--- Activity ---
Transcribe the listing in full. Keep every line exactly as it stands.

[Opening Dataset section]

Definition dumont2_seq (s : seq nat) : Prop :=
  forall i, i < size s -> if odd i then nth 0 s i < i else i <= nth 0 s i.

Definition avoids231_seq (s : seq nat) : Prop :=
  forall i j k, i < j -> j < k -> k < size s -> ~ (nth 0 s k < nth 0 s i < nth 0 s j).

Definition dumont231 (m : nat) (s : seq nat) : Prop :=
  [/\ perm_eq s (iota 0 m), dumont2_seq s & avoids231_seq s].

Variant nth_cat2_spec (t : seq nat) a b i : nat -> Prop :=
  | NthCat2Prefix of i < size t : nth_cat2_spec t a b i (nth 0 t i)
  | NthCat2First of i = size t : nth_cat2_spec t a b i a
  | NthCat2Second of i = (size t).+1 : nth_cat2_spec t a b i b.

Lemma nth_cat2P t a b i :
  i < (size t).+2 -> nth_cat2_spec t a b i (nth 0 (t ++ [:: a; b]) i).
Proof.
move=> it2; rewrite nth_cat; case: ltnP => [it|ti]; first by constructor.
have [->|->] : i = size t \/ i = (size t).+1 by lia.
  by rewrite subnn; apply: NthCat2First.
by rewrite subSnn; apply: NthCat2Second.
Qed.

Lemma dumont2_seq_cat2 t a b : ~~ odd (size t) ->
  dumont2_seq (t ++ [:: a; b]) <-> [/\ dumont2_seq t, size t <= a & b <= size t].
Proof.
move=> t_even; rewrite /dumont2_seq size_cat addn2.
split=> [Hd | [Ht ta bt] i i_lt].
  split=> [i it||].
  - by move: (Hd i (leqW (leqW it))); case: nth_cat2P; lia.
  - by move: (Hd (size t) (leqW (ltnSn _))); rewrite (negbTE t_even); case: nth_cat2P; lia.
  - by move: (Hd (size t).+1 (ltnSn _)) => /=; rewrite t_even; case: nth_cat2P; lia.
case: (nth_cat2P a b i_lt) => [|->|->]; first exact: Ht.
  by rewrite (negbTE t_even).
by rewrite /= t_even.
Qed.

[Closing Dataset section]

--- Response box ---
Definition dumont2_seq (s : seq nat) : Prop :=
  forall i, i < size s -> if odd i then nth 0 s i < i else i <= nth 0 s i.

Definition avoids231_seq (s : seq nat) : Prop :=
  forall i j k, i < j -> j < k -> k < size s -> ~ (nth 0 s k < nth 0 s i < nth 0 s j).

Definition dumont231 (m : nat) (s : seq nat) : Prop :=
  [/\ perm_eq s (iota 0 m), dumont2_seq s & avoids231_seq s].

Variant nth_cat2_spec (t : seq nat) a b i : nat -> Prop :=
  | NthCat2Prefix of i < size t : nth_cat2_spec t a b i (nth 0 t i)
  | NthCat2First of i = size t : nth_cat2_spec t a b i a
  | NthCat2Second of i = (size t).+1 : nth_cat2_spec t a b i b.

Lemma nth_cat2P t a b i :
  i < (size t).+2 -> nth_cat2_spec t a b i (nth 0 (t ++ [:: a; b]) i).
Proof.
move=> it2; rewrite nth_cat; case: ltnP => [it|ti]; first by constructor.
have [->|->] : i = size t \/ i = (size t).+1 by lia.
  by rewrite subnn; apply: NthCat2First.
by rewrite subSnn; apply: NthCat2Second.
Qed.

Lemma dumont2_seq_cat2 t a b : ~~ odd (size t) ->
  dumont2_seq (t ++ [:: a; b]) <-> [/\ dumont2_seq t, size t <= a & b <= size t].
Proof.
move=> t_even; rewrite /dumont2_seq size_cat addn2.
split=> [Hd | [Ht ta bt] i i_lt].
  split=> [i it||].
  - by move: (Hd i (leqW (leqW it))); case: nth_cat2P; lia.
  - by move: (Hd (size t) (leqW (ltnSn _))); rewrite (negbTE t_even); case: nth_cat2P; lia.
  - by move: (Hd (size t).+1 (ltnSn _)) => /=; rewrite t_even; case: nth_cat2P; lia.
case: (nth_cat2P a b i_lt) => [|->|->]; first exact: Ht.
  by rewrite (negbTE t_even).
by rewrite /= t_even.
Qed.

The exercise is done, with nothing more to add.